Rita Mae Brown's Rubyfruit Jungle ("Bawdy and moving, the ultimate word-of-mouth bestseller, Rubyfruit Jungle is about growing up a lesbian in America--and living happily ever after") is only 246 pages (63,960 words).

The Best Little Boy in the World by Andrew Tobias ("The classic account of growing up gay in America. An autobiography in which he spoke of his experiences as a gay boy and young man. He published it under the pen name "John Reid" to avoid the repercussions of being openly gay") was 247 pages (64,220 words).

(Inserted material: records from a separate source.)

Definition isometric_cohom (phi : vtx nH -> vtx nG)
    (U : forall h : vtx nH, 'M[C]_(pidim (phi h), pidim h)) : Prop :=
  (forall h, adjm (U h) *m U h = 1%:M) /\
  (forall h h', ~~ simg eH h h' ->
     ~~ simg eG (phi h) (phi h') \/ adjprod (U h) (U h') = 0) /\
  (forall h h', simg eH h h' -> simg eG (phi h) (phi h') ->
     exists c : C, forall (i : 'I_(pidim h)) (j : 'I_(pidim h')),
       adjprod (U h) (U h') i j = c *+ (nat_of_ord i == nat_of_ord j)).

End IsometricCohom.

Arguments isometric_cohom {C r nG nH} eG eH phi U.

Section KrausOfIsometries.
Variables (C : numClosedFieldType) (r : nat) (nG nH : 'I_r -> nat).
Variables (eG : forall d, rel 'I_(nG d)) (eH : forall d, rel 'I_(nH d)).
Variables (phi : vtx nH -> vtx nG) (U : forall h : vtx nH, 'M[C]_(pidim (phi h), pidim h)).
Hypothesis U_iso : forall h, adjm (U h) *m U h = 1%:M.
Hypothesis U_orth : forall h h', ~~ simg eH h h' ->
  ~~ simg eG (phi h) (phi h') \/ adjprod (U h) (U h') = 0.
Hypothesis U_scal : forall h h', simg eH h h' -> simg eG (phi h) (phi h') ->
  exists c : C, forall (i : 'I_(pidim h)) (j : 'I_(pidim h')),
    adjprod (U h) (U h') i j = c *+ (nat_of_ord i == nat_of_ord j).

(* The operator |phi h><h| (x) U_h; [inord] retypes the copy indices, whose
   types depend on the vertices. *)
Definition kraus (h : vtx nH) : 'M[C]_(total_size nG, total_size nH) :=
  \matrix_(a, b) if (vertex_of a == phi h) && (vertex_of b == h)
                 then U h (inord (copy_of a)) (inord (copy_of b)) else 0.

Lemma krausE h g h1 (l : 'I_(pidim g)) (k : 'I_(pidim h1)) :
  kraus h (vindex l) (vindex k) =
  if (g == phi h) && (h1 == h) then U h (inord l) (inord k) else 0.
Proof. by rewrite mxE !copy_of_vindex !vertex_of_vindex. Qed.

Lemma kraus_vindex h (l : 'I_(pidim (phi h))) (k : 'I_(pidim h)) :
  kraus h (vindex l) (vindex k) = U h l k.
Proof. by rewrite krausE !eqxx !inord_val. Qed.
Theorem corollary3p8 (k : nat) (hk : 1 <= k) :
  \sum_(0 <= m < (2 * k - 2).+1) #|Gm_id m k| = catalan k.+1 - 'C(k, 2) - 1
  /\ (forall m : nat, 2 * k - 1 <= m -> #|Gm_id m k| = 0).
Proof.
split; last first.
  move=> m le_m; rewrite card_Gm_id (eq_in_count (a2 := pred0)) ?count_pred0 // => u.
  rewrite mem_words => /eqP su /=; have := size_le_double_lis u.
  rewrite su => le_2lis; apply/negbTE; rewrite negb_and -leqNgt; apply/orP; left; lia.
case: k hk => [//|k] _.
have count_m m : count (fun u => lis_shift 0 u <= k) (words m) =
    #|Gm_id m k.+1| + (m < k.+1) * m.
  rewrite card_Gm_id -count_lis_noncanonical count_andC.
  by apply: eq_count => u; rewrite lis_shift0.
have := nbounded_closed (esym (add0n k)) (ltnSn (2 * k)).
rewrite /nbounded (eq_bigr _ (fun m _ => count_m m)) big_split /= sum_small_sizes; last lia.
rewrite catalanSS (_ : (2 * k.+1 - 2).+1 = (2 * k).+1) ?add0n; lia.
Qed.
Lemma sink_out i : i \notin C -> t i = s i.
Proof.
case/andP: t_sink => /subcubeP t_out _; case/andP: s_source => /subcubeP s_out _ iC.
by rewrite t_out ?s_out.
Qed.

Definition low_dirs : seq 'I_m.+1 :=
  [seq x <- enum (C :\ ord_max) | s x == al] ++ [seq x <- enum (C :\ ord_max) | s x != al].
Local Notation d := (size low_dirs).

Lemma mem_low_dirs x : (x \in low_dirs) = (x \in C) && (x != ord_max).
Proof.
by rewrite mem_cat !mem_filter -enumT mem_enum !inE !andbT -andb_orl orbN andTb andbC.
Qed.

Lemma uniq_low_dirs : uniq low_dirs.
Proof.
rewrite cat_uniq !(filter_uniq _ (enum_uniq (C :\ ord_max))) andbT /=.
by apply/hasPn => x; rewrite !mem_filter => /andP[/negbTE ->].
Qed.

Lemma max_notin_low_dirs : ord_max \notin low_dirs.
Proof. by rewrite mem_low_dirs eqxx andbF. Qed.

Lemma low_dirs_sub : {subset low_dirs <= C}.
Proof. by move=> x; rewrite mem_low_dirs => /andP[]. Qed.

Lemma o_low_dirs u x : x \in low_dirs -> o u x = (u x == s x).
Proof. by rewrite mem_low_dirs => /andP[xC xN]; rewrite reorient_Phi_low // source_low. Qed.

Lemma card_dirs : #|C| = (ord_max \in C) + d.
Proof.
rewrite (cardsD1 ord_max) size_cat !size_filter cardE.
by rewrite -(count_predC (fun x => s x == al)).
Qed.

Lemma sink_low_dirs i : i != ord_max -> t i = (if i \in low_dirs then ~~ s i else s i).
Proof.
move=> iN; rewrite mem_low_dirs iN andbT.
by case: ifP => [iC|/negbT iC]; [rewrite sink_low // source_low | exact: sink_out].
Qed.

Lemma sink_code : t = code_vertex s low_dirs 0 (t ord_max != s ord_max, d).
Proof.
apply/ffunP => i; rewrite ffunE /= cyc_interval_full // in_setU inE.
have [->|iN] := eqVneq i ord_max.
  rewrite (negbTE max_notin_low_dirs) orbF.
  by case: (t _); case: (s _); rewrite /= ?inE ?eqxx.
have -> : i \in (if t ord_max != s ord_max then [set ord_max] else set0) = false.
  by case: ifP; rewrite inE // (negbTE iN).
exact: sink_low_dirs.
Qed.

Lemma source_top : ord_max \in C -> s ord_max (+) al (+) (ord_max \in F).
Proof. by case/andP: s_source => _ /forallP/(_ ord_max)/implyP; rewrite reorient_Phi_max. Qed.

Lemma sink_top : ord_max \in C -> ~~ (t ord_max (+) f (vprefix t) (+) (ord_max \in F)).
Proof. by case/andP: t_sink => _ /forallP/(_ ord_max)/implyP; rewrite reorient_Phi_max. Qed.

Local Notation vtx := (code_vertex s low_dirs).

Lemma vprefix_code_vertex k b j : vprefix (vtx k (b, j)) = vprefix (vtx k (false, j)).
Proof.
apply/ffunP => i; rewrite !ffunE !in_setU !inE; have iN := widen_ord_neq_max i.
by case: b; rewrite ?inE ?(negbTE iN).
Qed.

Lemma vprefix_sink : vprefix t = vprefix (vtx 0 (false, d)).
Proof. by rewrite {1}sink_code vprefix_code_vertex. Qed.

Lemma code_vertex_top_edge k b j : ord_max \in C ->
  o (vtx k (b, j)) ord_max = (b == (f (vprefix (vtx k (false, j))) != al)).
Proof.
move=> NC; rewrite reorient_Phi_max vprefix_code_vertex ffunE in_setU.
rewrite (negbTE (max_notin_cyc_interval max_notin_low_dirs _ _)) orbF.
move: (source_top NC); case: b; rewrite ?inE ?eqxx /=;
  by case: (s _); case: (_ \in F); case: (f (vprefix s)); case: (f _).
Qed.

Lemma sink_flips_top : ord_max \in C -> (t ord_max != s ord_max) = (f (vprefix t) == al).
Proof.
move=> NC; move: (source_top NC) (sink_top NC).
by case: (t _); case: (s _); case: (_ \in F); case: (f (vprefix s)); case: (f _).
Qed.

Jan Morris wrote Conundrum ("One of the earliest books to discuss transsexuality with honesty and without prurience, tells the story of James Morris’s hidden life and how he decided to bring it into the open, as he resolved first on a hormone treatment and, second, on risky experimental surgery that would turn him into the woman that he truly was.") in a mere 176 pages (45,760 words).

Mario Martino did Emergence ("The autobiography of a female-to-male transsexual, written as a cooperative effort by the author with a medical journalist. It is one individual's story of the transition from female to male") in 273 pages (70,890 words).

The Last Time I Wore a Dress ("At fifteen years old, Daphne Scholinski was committed to a mental institution and awarded the dubious diagnosis of "Gender Identity Disorder." She spent three years--and over a million dollars of insurance--"treating" the problem...with makeup lessons and instructions in how to walk like a girl.") was 224 pages (55,552 words).

Stone Butch Blues by Leslie Feinberg ("Woman or man? This internationally acclaimed novel looks at the world through the eyes of Jess Goldberg, a masculine girl growing up in the "Ozzie and Harriet" McCarthy era and coming out as a young butch lesbian in the pre-Stonewall gay drag bars of a blue-collar town") was 308 pages (77,000 words).

And Jennifer Finney Boylan's She's Not There ("The exuberant memoir of a man named James who became a woman named Jenny. She’s Not There is the story of a person changing genders, the story of a person bearing and finally revealing a complex secret; above all, it is a love story") ran to 352 pages (91,520 words).

None of those is quite as long as The Story of Q. Is that worrisome? Relevant? I don't know for sure, but it doesn't make me very comfortable with the notion of making my book yet longer in pursuit of more vivid scenes and paragraphs.

I had two publishers sign contracts to publish this book; I need to remember that and not blame my writing for the rejection slips I get.

I'm looking for the sweet point, where I've laid down the trajectory of experiences I went through that culminated in me deciding I had a different kind of identity than the people around me, and explained that in enough detail and enough emotional vividness to convey that.